-- Given data follows --
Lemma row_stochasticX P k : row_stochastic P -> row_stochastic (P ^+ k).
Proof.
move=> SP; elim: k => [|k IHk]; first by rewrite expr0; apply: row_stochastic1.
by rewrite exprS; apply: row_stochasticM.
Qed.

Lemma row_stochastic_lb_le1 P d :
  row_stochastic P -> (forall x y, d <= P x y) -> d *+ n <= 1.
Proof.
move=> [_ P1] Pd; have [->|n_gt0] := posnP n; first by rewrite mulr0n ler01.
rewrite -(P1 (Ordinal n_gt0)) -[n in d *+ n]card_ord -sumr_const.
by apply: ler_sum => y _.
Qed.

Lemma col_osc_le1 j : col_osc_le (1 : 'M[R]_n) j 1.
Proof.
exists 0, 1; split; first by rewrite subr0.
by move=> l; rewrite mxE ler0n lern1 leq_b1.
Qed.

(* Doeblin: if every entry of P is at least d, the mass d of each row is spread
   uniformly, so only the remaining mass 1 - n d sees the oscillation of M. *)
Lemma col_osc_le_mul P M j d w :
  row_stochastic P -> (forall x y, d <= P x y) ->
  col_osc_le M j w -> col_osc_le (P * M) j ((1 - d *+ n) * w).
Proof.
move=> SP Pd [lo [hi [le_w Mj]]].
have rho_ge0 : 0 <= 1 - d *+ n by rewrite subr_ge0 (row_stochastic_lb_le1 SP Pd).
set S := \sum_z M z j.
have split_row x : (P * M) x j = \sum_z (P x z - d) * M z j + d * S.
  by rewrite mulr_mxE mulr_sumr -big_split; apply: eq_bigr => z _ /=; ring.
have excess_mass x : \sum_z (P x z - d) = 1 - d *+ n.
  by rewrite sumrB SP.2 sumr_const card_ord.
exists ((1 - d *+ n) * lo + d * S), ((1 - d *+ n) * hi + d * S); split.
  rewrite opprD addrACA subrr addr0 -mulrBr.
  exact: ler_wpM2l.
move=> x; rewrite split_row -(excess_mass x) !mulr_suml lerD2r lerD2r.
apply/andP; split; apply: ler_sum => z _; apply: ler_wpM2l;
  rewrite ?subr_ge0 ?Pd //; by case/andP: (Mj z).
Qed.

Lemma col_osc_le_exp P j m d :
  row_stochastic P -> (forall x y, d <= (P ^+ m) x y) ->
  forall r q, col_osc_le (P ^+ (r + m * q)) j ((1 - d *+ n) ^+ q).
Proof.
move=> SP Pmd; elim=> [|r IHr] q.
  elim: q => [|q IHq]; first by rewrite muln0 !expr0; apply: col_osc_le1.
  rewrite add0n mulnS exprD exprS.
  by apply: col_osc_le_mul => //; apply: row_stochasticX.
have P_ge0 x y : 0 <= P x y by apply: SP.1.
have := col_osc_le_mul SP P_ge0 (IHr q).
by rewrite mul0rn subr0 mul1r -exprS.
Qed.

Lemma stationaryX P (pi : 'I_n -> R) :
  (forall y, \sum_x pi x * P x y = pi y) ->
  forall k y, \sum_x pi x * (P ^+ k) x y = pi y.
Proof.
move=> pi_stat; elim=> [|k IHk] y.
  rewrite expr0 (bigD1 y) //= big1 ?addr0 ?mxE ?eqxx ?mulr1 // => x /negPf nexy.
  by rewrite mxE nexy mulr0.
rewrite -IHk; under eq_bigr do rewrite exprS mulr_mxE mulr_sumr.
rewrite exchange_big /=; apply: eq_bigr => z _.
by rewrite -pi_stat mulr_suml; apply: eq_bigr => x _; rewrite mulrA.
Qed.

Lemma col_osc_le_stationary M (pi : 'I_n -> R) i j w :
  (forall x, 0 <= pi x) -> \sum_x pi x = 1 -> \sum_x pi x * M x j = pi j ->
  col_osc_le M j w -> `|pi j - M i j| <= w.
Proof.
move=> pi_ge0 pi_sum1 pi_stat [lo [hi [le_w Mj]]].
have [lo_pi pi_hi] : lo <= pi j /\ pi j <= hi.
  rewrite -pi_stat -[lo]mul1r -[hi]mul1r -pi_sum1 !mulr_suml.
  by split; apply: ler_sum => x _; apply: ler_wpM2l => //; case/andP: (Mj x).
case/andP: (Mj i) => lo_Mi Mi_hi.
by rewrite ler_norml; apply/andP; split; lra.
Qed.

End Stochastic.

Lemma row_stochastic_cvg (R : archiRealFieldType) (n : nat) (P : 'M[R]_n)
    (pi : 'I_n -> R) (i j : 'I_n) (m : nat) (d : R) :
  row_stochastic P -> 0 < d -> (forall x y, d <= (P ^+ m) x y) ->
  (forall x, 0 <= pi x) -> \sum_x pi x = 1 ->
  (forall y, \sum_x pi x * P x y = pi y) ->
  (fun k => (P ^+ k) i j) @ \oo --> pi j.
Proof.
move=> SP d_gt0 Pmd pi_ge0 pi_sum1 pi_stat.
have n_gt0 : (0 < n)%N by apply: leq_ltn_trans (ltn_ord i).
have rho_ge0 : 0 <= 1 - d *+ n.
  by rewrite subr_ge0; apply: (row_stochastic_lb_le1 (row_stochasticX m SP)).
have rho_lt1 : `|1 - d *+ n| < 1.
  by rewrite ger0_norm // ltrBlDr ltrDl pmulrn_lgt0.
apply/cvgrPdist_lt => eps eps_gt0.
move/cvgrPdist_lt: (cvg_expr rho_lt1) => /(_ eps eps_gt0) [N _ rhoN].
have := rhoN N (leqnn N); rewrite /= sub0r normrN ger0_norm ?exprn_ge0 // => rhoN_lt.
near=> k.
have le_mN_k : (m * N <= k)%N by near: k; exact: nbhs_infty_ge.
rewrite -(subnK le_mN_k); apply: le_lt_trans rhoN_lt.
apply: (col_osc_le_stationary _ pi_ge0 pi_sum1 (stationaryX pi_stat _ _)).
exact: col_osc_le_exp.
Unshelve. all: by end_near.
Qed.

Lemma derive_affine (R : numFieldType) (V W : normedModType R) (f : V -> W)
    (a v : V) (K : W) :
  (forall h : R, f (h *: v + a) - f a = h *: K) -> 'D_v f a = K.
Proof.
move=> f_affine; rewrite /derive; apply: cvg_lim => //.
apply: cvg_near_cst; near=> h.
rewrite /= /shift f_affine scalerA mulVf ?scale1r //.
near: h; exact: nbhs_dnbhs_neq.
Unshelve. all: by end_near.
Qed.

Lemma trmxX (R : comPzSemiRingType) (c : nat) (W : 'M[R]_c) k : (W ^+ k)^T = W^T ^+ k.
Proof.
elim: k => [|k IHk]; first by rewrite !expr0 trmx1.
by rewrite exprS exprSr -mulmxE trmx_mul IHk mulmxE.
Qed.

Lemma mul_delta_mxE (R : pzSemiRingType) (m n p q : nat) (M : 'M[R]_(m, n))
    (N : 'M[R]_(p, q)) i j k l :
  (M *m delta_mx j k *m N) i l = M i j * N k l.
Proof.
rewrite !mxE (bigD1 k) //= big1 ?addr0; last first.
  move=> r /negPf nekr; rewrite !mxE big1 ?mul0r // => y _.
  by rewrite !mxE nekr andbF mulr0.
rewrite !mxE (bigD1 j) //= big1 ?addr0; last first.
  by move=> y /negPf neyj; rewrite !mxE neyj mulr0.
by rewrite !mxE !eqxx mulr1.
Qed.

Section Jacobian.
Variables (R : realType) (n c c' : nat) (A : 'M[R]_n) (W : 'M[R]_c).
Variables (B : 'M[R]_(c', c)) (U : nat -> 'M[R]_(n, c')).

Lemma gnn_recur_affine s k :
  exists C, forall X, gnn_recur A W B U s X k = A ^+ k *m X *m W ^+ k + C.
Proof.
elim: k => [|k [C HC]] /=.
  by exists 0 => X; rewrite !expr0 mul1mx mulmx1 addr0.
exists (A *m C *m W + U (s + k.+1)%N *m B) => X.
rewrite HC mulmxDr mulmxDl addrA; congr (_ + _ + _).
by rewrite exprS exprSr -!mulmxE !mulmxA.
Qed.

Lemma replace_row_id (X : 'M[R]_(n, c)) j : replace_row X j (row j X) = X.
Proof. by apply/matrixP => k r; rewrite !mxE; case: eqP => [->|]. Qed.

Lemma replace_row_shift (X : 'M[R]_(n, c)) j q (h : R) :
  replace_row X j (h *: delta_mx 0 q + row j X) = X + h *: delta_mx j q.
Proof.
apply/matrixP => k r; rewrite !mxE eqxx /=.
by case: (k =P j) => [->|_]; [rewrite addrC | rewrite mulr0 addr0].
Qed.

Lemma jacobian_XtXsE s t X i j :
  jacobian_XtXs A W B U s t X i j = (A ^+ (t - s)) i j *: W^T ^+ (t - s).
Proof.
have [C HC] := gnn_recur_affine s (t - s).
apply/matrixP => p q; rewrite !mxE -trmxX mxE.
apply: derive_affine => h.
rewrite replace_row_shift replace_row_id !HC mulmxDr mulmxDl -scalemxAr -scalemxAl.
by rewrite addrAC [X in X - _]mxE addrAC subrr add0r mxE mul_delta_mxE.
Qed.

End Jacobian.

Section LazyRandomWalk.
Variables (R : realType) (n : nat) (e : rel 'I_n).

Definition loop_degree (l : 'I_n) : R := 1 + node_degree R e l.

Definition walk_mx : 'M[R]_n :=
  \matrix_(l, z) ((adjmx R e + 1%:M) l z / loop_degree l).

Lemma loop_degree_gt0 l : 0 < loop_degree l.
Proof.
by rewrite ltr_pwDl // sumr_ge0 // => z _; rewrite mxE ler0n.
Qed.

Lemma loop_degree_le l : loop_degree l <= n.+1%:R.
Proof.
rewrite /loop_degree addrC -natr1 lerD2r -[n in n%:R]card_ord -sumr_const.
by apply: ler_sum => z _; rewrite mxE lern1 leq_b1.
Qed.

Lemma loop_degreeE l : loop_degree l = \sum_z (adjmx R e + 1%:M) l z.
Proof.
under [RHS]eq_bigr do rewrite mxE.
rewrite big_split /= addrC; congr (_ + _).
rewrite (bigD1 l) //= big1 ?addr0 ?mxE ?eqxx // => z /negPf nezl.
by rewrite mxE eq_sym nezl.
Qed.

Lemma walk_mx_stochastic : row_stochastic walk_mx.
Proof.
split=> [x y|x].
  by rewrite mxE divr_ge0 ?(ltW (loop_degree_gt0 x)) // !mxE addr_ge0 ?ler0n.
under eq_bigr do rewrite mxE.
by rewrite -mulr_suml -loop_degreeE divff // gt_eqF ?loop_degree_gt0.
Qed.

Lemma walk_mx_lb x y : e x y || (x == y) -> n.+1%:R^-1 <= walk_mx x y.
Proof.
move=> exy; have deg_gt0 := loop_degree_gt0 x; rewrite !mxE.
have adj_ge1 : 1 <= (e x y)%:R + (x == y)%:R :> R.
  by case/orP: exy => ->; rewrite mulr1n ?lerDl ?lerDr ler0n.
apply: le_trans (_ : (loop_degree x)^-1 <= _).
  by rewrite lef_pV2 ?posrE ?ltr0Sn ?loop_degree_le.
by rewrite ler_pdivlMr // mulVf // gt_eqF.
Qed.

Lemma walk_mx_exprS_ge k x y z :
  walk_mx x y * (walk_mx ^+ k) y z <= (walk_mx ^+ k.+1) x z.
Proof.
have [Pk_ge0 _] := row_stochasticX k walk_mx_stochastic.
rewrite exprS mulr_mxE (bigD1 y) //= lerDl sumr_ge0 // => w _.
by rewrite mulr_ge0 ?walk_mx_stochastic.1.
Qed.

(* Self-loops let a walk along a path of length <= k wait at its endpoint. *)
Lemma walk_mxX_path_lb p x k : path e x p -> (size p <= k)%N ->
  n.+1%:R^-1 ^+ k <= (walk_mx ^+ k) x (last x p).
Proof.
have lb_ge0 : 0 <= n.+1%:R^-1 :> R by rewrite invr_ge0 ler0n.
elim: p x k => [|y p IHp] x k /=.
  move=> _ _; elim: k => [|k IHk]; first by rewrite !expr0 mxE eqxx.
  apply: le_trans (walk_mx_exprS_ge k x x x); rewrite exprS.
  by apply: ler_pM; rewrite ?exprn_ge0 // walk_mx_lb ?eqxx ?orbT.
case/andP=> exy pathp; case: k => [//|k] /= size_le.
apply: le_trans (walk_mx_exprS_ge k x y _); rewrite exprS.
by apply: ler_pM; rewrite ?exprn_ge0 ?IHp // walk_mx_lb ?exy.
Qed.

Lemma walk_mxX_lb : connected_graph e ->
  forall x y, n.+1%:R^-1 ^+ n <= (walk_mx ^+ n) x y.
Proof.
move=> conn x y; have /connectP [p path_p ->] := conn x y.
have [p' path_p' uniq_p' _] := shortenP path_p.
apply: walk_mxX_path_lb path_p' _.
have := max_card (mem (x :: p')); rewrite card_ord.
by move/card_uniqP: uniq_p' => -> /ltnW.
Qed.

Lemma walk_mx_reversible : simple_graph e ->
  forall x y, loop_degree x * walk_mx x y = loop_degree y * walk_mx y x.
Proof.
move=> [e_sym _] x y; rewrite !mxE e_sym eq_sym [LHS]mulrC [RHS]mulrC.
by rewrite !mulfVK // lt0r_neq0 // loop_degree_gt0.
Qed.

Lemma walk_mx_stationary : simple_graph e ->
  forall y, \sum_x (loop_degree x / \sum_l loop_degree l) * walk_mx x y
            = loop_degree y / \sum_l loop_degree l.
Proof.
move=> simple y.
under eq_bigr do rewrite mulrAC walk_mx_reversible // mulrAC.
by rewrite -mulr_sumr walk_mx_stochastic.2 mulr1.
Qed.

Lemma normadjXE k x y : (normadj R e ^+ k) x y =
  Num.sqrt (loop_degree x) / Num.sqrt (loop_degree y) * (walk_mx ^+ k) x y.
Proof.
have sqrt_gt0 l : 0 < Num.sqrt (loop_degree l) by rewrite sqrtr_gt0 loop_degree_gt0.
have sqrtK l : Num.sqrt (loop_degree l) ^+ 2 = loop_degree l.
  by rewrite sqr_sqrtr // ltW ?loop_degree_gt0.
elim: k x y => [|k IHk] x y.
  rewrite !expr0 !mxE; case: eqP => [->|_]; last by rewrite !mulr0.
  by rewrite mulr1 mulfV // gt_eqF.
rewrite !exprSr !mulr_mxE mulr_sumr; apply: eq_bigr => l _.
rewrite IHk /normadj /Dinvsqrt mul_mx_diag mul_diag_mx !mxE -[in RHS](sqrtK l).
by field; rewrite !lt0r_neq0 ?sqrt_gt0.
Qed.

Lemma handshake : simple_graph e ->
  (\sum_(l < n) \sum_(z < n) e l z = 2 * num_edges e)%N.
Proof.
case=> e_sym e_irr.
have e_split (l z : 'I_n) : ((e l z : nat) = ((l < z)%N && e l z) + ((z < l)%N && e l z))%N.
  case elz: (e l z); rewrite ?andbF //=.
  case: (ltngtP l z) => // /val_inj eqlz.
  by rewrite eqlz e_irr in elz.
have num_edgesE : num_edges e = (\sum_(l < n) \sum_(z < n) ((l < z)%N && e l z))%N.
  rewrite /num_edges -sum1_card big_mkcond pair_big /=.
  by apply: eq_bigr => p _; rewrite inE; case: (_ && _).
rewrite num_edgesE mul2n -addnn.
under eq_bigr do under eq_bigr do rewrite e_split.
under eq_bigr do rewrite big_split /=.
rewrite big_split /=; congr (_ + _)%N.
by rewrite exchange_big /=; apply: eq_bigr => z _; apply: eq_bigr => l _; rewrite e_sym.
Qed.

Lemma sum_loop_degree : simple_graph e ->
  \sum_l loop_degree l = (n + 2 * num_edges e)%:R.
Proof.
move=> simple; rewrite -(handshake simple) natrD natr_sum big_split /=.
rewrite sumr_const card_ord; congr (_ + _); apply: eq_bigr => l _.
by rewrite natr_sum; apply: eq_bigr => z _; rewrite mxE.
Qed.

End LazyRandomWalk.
-- Given data concluded --
- [Goal of the exercise]
Could you set down, word for word, only the lines above from the line with "apply: (col_osc_le_stationary _" to the line with "have [C HC] := gnn_recur_affine s (t - s).", including both?

- [Exercise output]
apply: (col_osc_le_stationary _ pi_ge0 pi_sum1 (stationaryX pi_stat _ _)).
exact: col_osc_le_exp.
Unshelve. all: by end_near.
Qed.

Lemma derive_affine (R : numFieldType) (V W : normedModType R) (f : V -> W)
    (a v : V) (K : W) :
  (forall h : R, f (h *: v + a) - f a = h *: K) -> 'D_v f a = K.
Proof.
move=> f_affine; rewrite /derive; apply: cvg_lim => //.
apply: cvg_near_cst; near=> h.
rewrite /= /shift f_affine scalerA mulVf ?scale1r //.
near: h; exact: nbhs_dnbhs_neq.
Unshelve. all: by end_near.
Qed.

Lemma trmxX (R : comPzSemiRingType) (c : nat) (W : 'M[R]_c) k : (W ^+ k)^T = W^T ^+ k.
Proof.
elim: k => [|k IHk]; first by rewrite !expr0 trmx1.
by rewrite exprS exprSr -mulmxE trmx_mul IHk mulmxE.
Qed.

Lemma mul_delta_mxE (R : pzSemiRingType) (m n p q : nat) (M : 'M[R]_(m, n))
    (N : 'M[R]_(p, q)) i j k l :
  (M *m delta_mx j k *m N) i l = M i j * N k l.
Proof.
rewrite !mxE (bigD1 k) //= big1 ?addr0; last first.
  move=> r /negPf nekr; rewrite !mxE big1 ?mul0r // => y _.
  by rewrite !mxE nekr andbF mulr0.
rewrite !mxE (bigD1 j) //= big1 ?addr0; last first.
  by move=> y /negPf neyj; rewrite !mxE neyj mulr0.
by rewrite !mxE !eqxx mulr1.
Qed.

Section Jacobian.
Variables (R : realType) (n c c' : nat) (A : 'M[R]_n) (W : 'M[R]_c).
Variables (B : 'M[R]_(c', c)) (U : nat -> 'M[R]_(n, c')).

Lemma gnn_recur_affine s k :
  exists C, forall X, gnn_recur A W B U s X k = A ^+ k *m X *m W ^+ k + C.
Proof.
elim: k => [|k [C HC]] /=.
  by exists 0 => X; rewrite !expr0 mul1mx mulmx1 addr0.
exists (A *m C *m W + U (s + k.+1)%N *m B) => X.
rewrite HC mulmxDr mulmxDl addrA; congr (_ + _ + _).
by rewrite exprS exprSr -!mulmxE !mulmxA.
Qed.

Lemma replace_row_id (X : 'M[R]_(n, c)) j : replace_row X j (row j X) = X.
Proof. by apply/matrixP => k r; rewrite !mxE; case: eqP => [->|]. Qed.

Lemma replace_row_shift (X : 'M[R]_(n, c)) j q (h : R) :
  replace_row X j (h *: delta_mx 0 q + row j X) = X + h *: delta_mx j q.
Proof.
apply/matrixP => k r; rewrite !mxE eqxx /=.
by case: (k =P j) => [->|_]; [rewrite addrC | rewrite mulr0 addr0].
Qed.

Lemma jacobian_XtXsE s t X i j :
  jacobian_XtXs A W B U s t X i j = (A ^+ (t - s)) i j *: W^T ^+ (t - s).
Proof.
have [C HC] := gnn_recur_affine s (t - s).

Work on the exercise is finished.